__About this exercise__: What is the count of lines in the material below that hold "kept"? Answer with only that number.
··· Dataset records ···
(* Let $n,N,L\ge 1$ be integers, $0<p<1$ and $0<\epsilon_2<1$. Define $$N_{\mathsf{Th}}=\frac{\log_2\left(\left(\frac{\epsilon_2+2^{n}}{2^{n}}\right)^{1/n}-1\right)}{\log_2(p)}.$$ If $N\ge N_{\mathsf{Th}}$, then in the random model described in the context, with probability at least $1-\epsilon_2$ the set $\mathbb{L}_{\mathcal{P}^*,\mathcal{Y}}$ of labellings of the true partitioning equals $\{\mathcal{L}^*\}$.
   Context: Model: Let $M=2^n$ and $C=\{0,1\}^n=\{\mathbf{x}_1,\dots,\mathbf{x}_M\}$ (addresses). Data parts $\mathbf{d}_1,\dots,\mathbf{d}_M$ are independent and uniform on $\{0,1\}^L$; strand $i$ is $(\mathbf{x}_i,\mathbf{d}_i)$. Each strand is transmitted $N$ times through $\mathsf{BEC}(p)$ (each symbol independently replaced by $*$ with probability $p$, independently across transmissions and strands); $\mathcal{S}_N((\mathbf{x}_i,\mathbf{d}_i))$ is the multiset of the $N$ reads of strand $i$ and $\mathcal{Y}$ the multiset of all $MN$ reads. An address $\mathbf{x}$ is compatible with a read $(\mathbf{y},\mathbf{d}')$ if $\mathbf{x}$ and $\mathbf{y}$ coincide at all non-erased positions of $\mathbf{y}$. The true partitioning is $\mathcal{P}^*=\{P_1,\dots,P_M\}$ with $P_i=\mathcal{S}_N((\mathbf{x}_i,\mathbf{d}_i))$. A labelling of $\mathcal{P}^*$ is a vector $\mathcal{L}$ of $M$ distinct addresses from $C$ such that, for each $i\in[M]$, $\mathcal{L}[i]$ is compatible with every read in $P_i$; $\mathbb{L}_{\mathcal{P}^*,\mathcal{Y}}$ is the set of all such labellings, and the true labelling $\mathcal{L}^*$ has $\mathcal{L}^*[i]=\mathbf{x}_i$ for all $i$. *)

From HB Require Import structures.
From mathcomp Require Import all_boot all_order all_algebra.
From mathcomp Require Import reals exp.
Set Implicit Arguments. Unset Strict Implicit. Unset Printing Implicit Defensive.
Import Order.TTheory GRing.Theory Num.Theory.
Local Open Scope ring_scope.

Definition addr (n : nat) := {ffun 'I_n -> bool}.
(* M = |C| = 2^n ; strands are indexed by 'I_M *)
Definition Mof (n : nat) := #|addr n|.
Definition xaddr (n : nat) (i : 'I_(Mof n)) : addr n := enum_val i.

(* an outcome of the random experiment:
   data parts d_i, and erasure patterns: for strand i and transmission j,
   which symbols (address positions inl k, data positions inr k) are erased. *)
Definition outcome (n N L : nat) :=
  ({ffun 'I_(Mof n) -> {ffun 'I_L -> bool}} *
   {ffun ('I_(Mof n) * 'I_N) -> {ffun ('I_n + 'I_L) -> bool}})%type.

(* a read: word over {0,1,*}, None = erasure symbol * *)
Definition read (n L : nat) :=
  ({ffun 'I_n -> option bool} * {ffun 'I_L -> option bool})%type.

Definition the_read n N L (w : outcome n N L) (i : 'I_(Mof n)) (j : 'I_N)
  : read n L :=
  ([ffun k => if w.2 (i, j) (inl k) then None else Some (xaddr i k)],
   [ffun k => if w.2 (i, j) (inr k) then None else Some (w.1 i k)]).

Definition compatible n L (x : addr n) (r : read n L) : bool :=
  [forall k, if r.1 k is Some b then x k == b else true].

(* Lab is a labelling of the true partitioning P* (P_i = reads of strand i) *)
Definition is_labelling n N L (w : outcome n N L)
  (Lab : {ffun 'I_(Mof n) -> addr n}) : bool :=
  injectiveb Lab &&
  [forall i, forall j : 'I_N, compatible (Lab i) (the_read w i j)].

Definition true_labelling n : {ffun 'I_(Mof n) -> addr n} := [ffun i => xaddr i].

Definition unique_labelling n N L (w : outcome n N L) : bool :=
  [forall Lab, is_labelling w Lab == (Lab == true_labelling n)].

(* probability mass of an outcome: data uniform and independent,
   each symbol of each transmission erased independently with prob. p *)
Definition weight {R : realType} (p : R) n N L (w : outcome n N L) : R :=
  (2%:R ^- (L * Mof n)) *
  \prod_(ij : 'I_(Mof n) * 'I_N) \prod_(k : 'I_n + 'I_L)
     (if w.2 ij k then p else 1 - p).

Definition Prob {R : realType} (p : R) n N L (E : pred (outcome n N L)) : R :=
  \sum_(w | E w) weight p w.

Definition log2 {R : realType} (x : R) : R := ln x / ln 2.

Definition N_Th {R : realType} (n : nat) (p eps2 : R) : R :=
  log2 (powR ((eps2 + 2%:R ^+ n) / 2%:R ^+ n) (n%:R^-1) - 1) / log2 p.

From mathcomp Require Import all_boot all_order all_algebra.
From mathcomp Require Import reals exp.
From mathcomp Require Import lra.
Set Implicit Arguments. Unset Strict Implicit. Unset Printing Implicit Defensive.
Import Order.TTheory GRing.Theory Num.Theory.
Local Open Scope ring_scope.

(* Every read of strand i is compatible with its label, so a labelling must
   agree with x_i at each address position k that survives in some read of
   strand i; once every (i, k) survives somewhere, the true labelling is the
   only one.  The complementary event is covered by the M n events "position k
   of strand i is erased in all N reads", each of probability p ^ N.  The
   threshold N_Th is exactly what makes (1 + p ^ N) ^ n <= 1 + eps2 / 2 ^ n,
   and Bernoulli's inequality turns this into 2 ^ n n p ^ N <= eps2. *)

Lemma union_bound (R : numDomainType) (A T : finType) (E : A -> pred T) (f : T -> R) :
  (forall x, 0 <= f x) ->
  \sum_(x | [exists a, E a x]) f x <= \sum_a \sum_(x | E a x) f x.
Proof.
move=> f_ge0; under [X in _ <= X]eq_bigr do rewrite big_mkcond /=.
rewrite exchange_big /= big_mkcond /=; apply: ler_sum => x _.
have sum_ge0 : 0 <= \sum_a (if E a x then f x else 0).
  by apply: sumr_ge0 => a _; case: ifP.
case: existsP => [[a Eax]|_] //.
rewrite (bigD1 a) //= Eax lerDl; apply: sumr_ge0 => b _; by case: ifP.
Qed.

Section ErasureMass.
Variables (R : realType) (p : R).

(* [weight p w] is convertible to [2 ^- (L * M) * erasure_mass p w.2]. *)
Definition erasure_mass {I K : finType} (e : {ffun I -> {ffun K -> bool}}) : R :=
  \prod_i \prod_k (if e i k then p else 1 - p).

Lemma erasure_mass_ge0 (I K : finType) (e : {ffun I -> {ffun K -> bool}}) :
  0 <= p <= 1 -> 0 <= erasure_mass e.
Proof.
move=> /andP[p_ge0 p_le1]; apply: prodr_ge0 => i _; apply: prodr_ge0 => k _.
by case: ifP; rewrite ?subr_ge0.
Qed.

Lemma sum_ffun2_prod (I K : finType) (G : I -> K -> bool -> R) :
  \sum_(e : {ffun I -> {ffun K -> bool}}) \prod_i \prod_k G i k (e i k)
  = \prod_i \prod_k (G i k true + G i k false).
Proof.
rewrite -(bigA_distr_bigA (fun i (g : {ffun K -> bool}) => \prod_k G i k (g k))).
apply: eq_bigr => i _; rewrite -(bigA_distr_bigA (G i)).
by apply: eq_bigr => k _; rewrite big_bool.
Qed.

Lemma natr_forall (I : finType) (P : pred I) :
  [forall i, P i]%:R = \prod_i (P i)%:R :> R.
Proof.
have -> : [forall i, P i] = \big[andb/true]_i P i by rewrite big_andE.
by rewrite (big_morph (fun b : bool => b%:R : R) (id1 := 1) (op1 := *%R)) // => -[] b;
  rewrite ?mul1r ?mul0r.
Qed.

Lemma erasure_mass_cylinder (I K : finType) (S : I -> K -> bool) :
  \sum_(e : {ffun I -> {ffun K -> bool}} | [forall i, forall k, S i k ==> e i k])
    erasure_mass e
  = \prod_i \prod_k (if S i k then p else 1).
Proof.
(* The indicator of the cylinder is a product over coordinates, so the sum
   factorises. *)
pose G i k (b : bool) := (if b then p else 1 - p) * (S i k ==> b)%:R.
have -> : \sum_(e : {ffun I -> {ffun K -> bool}} | [forall i, forall k, S i k ==> e i k])
            erasure_mass e
          = \sum_(e : {ffun I -> {ffun K -> bool}}) \prod_i \prod_k G i k (e i k).
  rewrite big_mkcond; apply: eq_bigr => e _.
  have -> : forall b : bool, (if b then erasure_mass e else 0) = erasure_mass e * b%:R.
    by case; rewrite ?mulr1 ?mulr0.
  rewrite natr_forall -big_split /=; apply: eq_bigr => i _.
  by rewrite natr_forall -big_split.
rewrite sum_ffun2_prod; apply: eq_bigr => i _; apply: eq_bigr => k _.
by rewrite /G; case: (S i k); rewrite /= ?mulr1 ?mulr0 ?addr0 // addrC subrK.
Qed.

Lemma erasure_mass_total (I K : finType) :
  \sum_(e : {ffun I -> {ffun K -> bool}}) erasure_mass e = 1.
Proof.
transitivity (\prod_(i : I) \prod_(k : K) (if false then p else 1)).
  rewrite -(erasure_mass_cylinder (fun _ _ => false)).
  by apply: eq_bigl => e; apply/esym/forallP => i; exact/forallP.
by rewrite big1 // => i _; rewrite big1.
Qed.

Lemma erasure_mass_all_erased (I J K : finType) (i0 : I) (k0 : K) :
  \sum_(e : {ffun I * J -> {ffun K -> bool}} | [forall j, e (i0, j) k0]) erasure_mass e
  = p ^+ #|J|.
Proof.
pose S (ij : I * J) k := (ij.1 == i0) && (k == k0).
have -> : \sum_(e : {ffun I * J -> {ffun K -> bool}} | [forall j, e (i0, j) k0]) erasure_mass e
          = \sum_(e : {ffun I * J -> {ffun K -> bool}} | [forall ij, forall k, S ij k ==> e ij k])
              erasure_mass e.
  apply: eq_bigl => e; apply/forallP/forallP => [all_j [i j]|all_ijk j].
    by apply/forallP => k; apply/implyP => /andP[/eqP /= -> /eqP ->].
  by have /forallP/(_ k0)/implyP := all_ijk (i0, j); apply; rewrite /S !eqxx.
rewrite erasure_mass_cylinder.
rewrite -(pair_bigA _ (fun i j => \prod_k if S (i, j) k then p else 1)).
rewrite (bigD1 i0) //= [X in _ * X]big1 ?mulr1; last first.
  move=> i /negPf i_neq; apply: big1 => j _; apply: big1 => k _.
  by rewrite /S /= i_neq.
rewrite -prodr_const; apply: eq_bigr => j _.
by rewrite (bigD1 k0) //= /S !eqxx big1 ?mulr1 // => k /negPf ->; rewrite andbF.
Qed.

End ErasureMass.

Section Model.
Variables (R : realType) (p : R) (n N L : nat).
Hypothesis p01 : 0 <= p <= 1.

Lemma weight_ge0 (w : outcome n N L) : 0 <= weight p w.
Proof. by rewrite mulr_ge0 ?invr_ge0 ?exprn_ge0 // (erasure_mass_ge0 _ p01). Qed.

Lemma le_Prob (E1 E2 : pred (outcome n N L)) :
  (forall w, E1 w -> E2 w) -> Prob p E1 <= Prob p E2.
Proof.
move=> E12; rewrite /Prob [leLHS]big_mkcond [leRHS]big_mkcond.
apply: ler_sum => w _; case: ifP => [/E12 ->|_] //.
by case: ifP; rewrite ?weight_ge0.
Qed.

Lemma Prob_erasure_event
    (E : pred {ffun 'I_(Mof n) * 'I_N -> {ffun 'I_n + 'I_L -> bool}}) :
  Prob p (fun w : outcome n N L => E w.2) = \sum_(e | E e) erasure_mass p e.
Proof.
pose weight_of d e : R := @weight R p n N L (d, e).
have -> : Prob p (fun w : outcome n N L => E w.2)
          = \sum_(w : outcome n N L | predT w.1 && E w.2) weight_of w.1 w.2.
  by apply: eq_bigr => -[].
rewrite -pair_big; under eq_bigr do rewrite -mulr_sumr /=.
rewrite sumr_const -(mulr_natl _ #|_|) mulrA.
rewrite cardT -cardE card_ffun card_ffun card_bool !card_ord -expnM natrX /Mof.
by rewrite divff ?mul1r // expf_neq0 // pnatr_eq0.
Qed.

End Model.

Definition addresses_recoverable {I J : finType} {n L : nat}
    (e : {ffun I * J -> {ffun 'I_n + 'I_L -> bool}}) :=
  [forall i, forall k : 'I_n, exists j, ~~ e (i, j) (inl k)].

Lemma addresses_unrecoverableE (I J : finType) n L
    (e : {ffun I * J -> {ffun 'I_n + 'I_L -> bool}}) :
  ~~ addresses_recoverable e = [exists ik : I * 'I_n, forall j, e (ik.1, j) (inl ik.2)].
Proof.
apply/idP/existsP => [/forallPn[i /forallPn[k /existsPn all_erased]]|].
  by exists (i, k); apply/forallP => j; rewrite -[e _ _]negbK all_erased.
case=> -[i k] /forallP /= all_erased; apply/forallPn; exists i; apply/forallPn.
by exists k; apply/existsPn => j; rewrite all_erased.
Qed.

Lemma unrecoverable_mass_le (R : realType) (p : R) (I J : finType) n L :
  0 <= p <= 1 ->
  \sum_(e : {ffun I * J -> {ffun 'I_n + 'I_L -> bool}} | ~~ addresses_recoverable e)
    erasure_mass p e
  <= (#|I| * n)%:R * p ^+ #|J|.
Proof.
move=> p01; rewrite (eq_bigl _ _ (@addresses_unrecoverableE _ _ _ _)) /=.
pose all_erased (ik : I * 'I_n) (e : {ffun I * J -> {ffun 'I_n + 'I_L -> bool}}) :=
  [forall j, e (ik.1, j) (inl ik.2)].
apply: le_trans (union_bound all_erased (fun e => erasure_mass_ge0 e p01)) _.
under eq_bigr do rewrite erasure_mass_all_erased.
by rewrite sumr_const card_prod card_ord mulr_natl.
Qed.

Lemma card_addr n : Mof n = (2 ^ n)%N.
Proof. by rewrite /Mof card_ffun card_bool card_ord. Qed.

Lemma true_labelling_is_labelling n N L (w : outcome n N L) :
  is_labelling w (true_labelling n).
Proof.
apply/andP; split.
  by apply/injectiveP => i j; rewrite !ffunE; exact: enum_val_inj.
apply/forallP => i; apply/forallP => j; apply/forallP => k.
by rewrite /= !ffunE; case: ifP.
Qed.

Lemma recoverable_unique_labelling n N L (w : outcome n N L) :
  addresses_recoverable w.2 -> unique_labelling w.
Proof.
move=> recov; apply/forallP => Lab; apply/eqP.
have [->|Lab_neq] := eqVneq Lab (true_labelling n).
  exact: true_labelling_is_labelling.
apply/negbTE/negP => /andP[_ /forallP compat]; case/eqP: Lab_neq.
apply/ffunP => i; apply/ffunP => k; rewrite ffunE.
have /existsP[j kept] := forallP (forallP recov i) k.
have /forallP/(_ k) := forallP (compat i) j.
by rewrite /= ffunE (negbTE kept) => /eqP.
Qed.

Lemma bernoulli_inequality (R : realDomainType) (x : R) (m : nat) :
  0 <= x -> 1 + x *+ m <= (1 + x) ^+ m.
Proof.
move=> x_ge0; elim: m => [|m IHm]; first by rewrite expr0 mulr0n addr0.
have xm_ge0 : 0 <= x *+ m by rewrite mulrn_wge0.
have : (1 + x) * (1 + x *+ m) <= (1 + x) ^+ m.+1.
  by rewrite exprS ler_wpM2l // addr_ge0.
rewrite mulrS; nra.
Qed.

Lemma expr_le_of_log2_ratio (R : realType) (p y : R) (N : nat) :
  0 < p < 1 -> 0 < y -> log2 y / log2 p <= N%:R -> p ^+ N <= y.
Proof.
move=> /andP[p_gt0 p_lt1] y_gt0.
have ln2_gt0 : 0 < ln (2 : R) by rewrite ln_gt0 // ltr1n.
have lnp_lt0 : ln p < 0 by rewrite ln_lt0 // p_gt0 p_lt1.
rewrite /log2 invf_div mulrA divfK ?gt_eqF // ler_ndivrMr //.
by rewrite mulr_natl -lnXn // ler_ln // posrE ?exprn_gt0.
Qed.

Lemma N_Th_union_bound (R : realType) (n N : nat) (p eps2 : R) :
  (0 < n)%N -> 0 < p < 1 -> 0 < eps2 -> N_Th n p eps2 <= N%:R ->
  (2 ^ n * n)%:R * p ^+ N <= eps2.
Proof.
move=> n_gt0 p01 eps2_gt0 N_ge.
set t : R := 2 ^+ n; set b := (eps2 + t) / t; set a := b `^ n%:R^-1.
have t_gt0 : 0 < t by rewrite exprn_gt0.
have b_gt1 : 1 < b by rewrite ltr_pdivlMr // mul1r ltrDr.
have b_ge0 : 0 <= b by rewrite ltW // (lt_trans ltr01).
have a_gt1 : 1 < a.
  have := @gt0_ltr_powR R n%:R^-1 _ 1 b; rewrite powR1 /a; apply => //.
  - by rewrite invr_gt0 ltr0n.
  - by rewrite nnegrE ler01.
have pN_le : p ^+ N <= a - 1.
  by apply: expr_le_of_log2_ratio N_ge; rewrite // subr_gt0.
have an_eq : a ^+ n = b.
  rewrite -powR_mulrn ?(ltW (lt_trans ltr01 a_gt1)) // /a -powRrM.
  by rewrite mulVf ?powRr1 ?pnatr_eq0 -?lt0n // ltW // (lt_trans ltr01).
have pN_ge0 : 0 <= p ^+ N by rewrite exprn_ge0 // ltW //; case/andP: p01.
have : 1 + p ^+ N *+ n <= b.
  rewrite -an_eq; apply: le_trans (bernoulli_inequality n pN_ge0) _.
  by rewrite lerXn2r ?nnegrE ?addr_ge0 ?(ltW (lt_trans ltr01 a_gt1)) // addrC -lerBrDr.
rewrite /b mulrDl divff ?gt_eqF // addrC lerD2r.
by rewrite natrM natrX -mulrA mulr_natl -ler_pdivlMl // mulrC.
Qed.

Theorem lemma4 (R : realType) (n N L : nat) (p eps2 : R) :
  (1 <= n)%N -> (1 <= N)%N -> (1 <= L)%N ->
  0 < p -> p < 1 -> 0 < eps2 -> eps2 < 1 ->
  N_Th n p eps2 <= N%:R ->
  1 - eps2 <= Prob p (fun w : outcome n N L => unique_labelling w).
Proof.
move=> n_gt0 _ _ p_gt0 p_lt1 eps2_gt0 _ N_ge.
have p_in01 : 0 < p < 1 by rewrite p_gt0 p_lt1.
have p01 : 0 <= p <= 1 by rewrite !ltW.
apply: le_trans (le_Prob p01 (@recoverable_unique_labelling n N L)).
rewrite Prob_erasure_event.
have := erasure_mass_total p ('I_(Mof n) * 'I_N)%type ('I_n + 'I_L)%type.
rewrite (bigID addresses_recoverable) /=.
have := unrecoverable_mass_le 'I_(Mof n) 'I_N n L p01.
rewrite !card_ord card_addr.
have := N_Th_union_bound n_gt0 p_in01 eps2_gt0 N_ge.
lra.
Qed.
···
__Solution to the exercise__: 2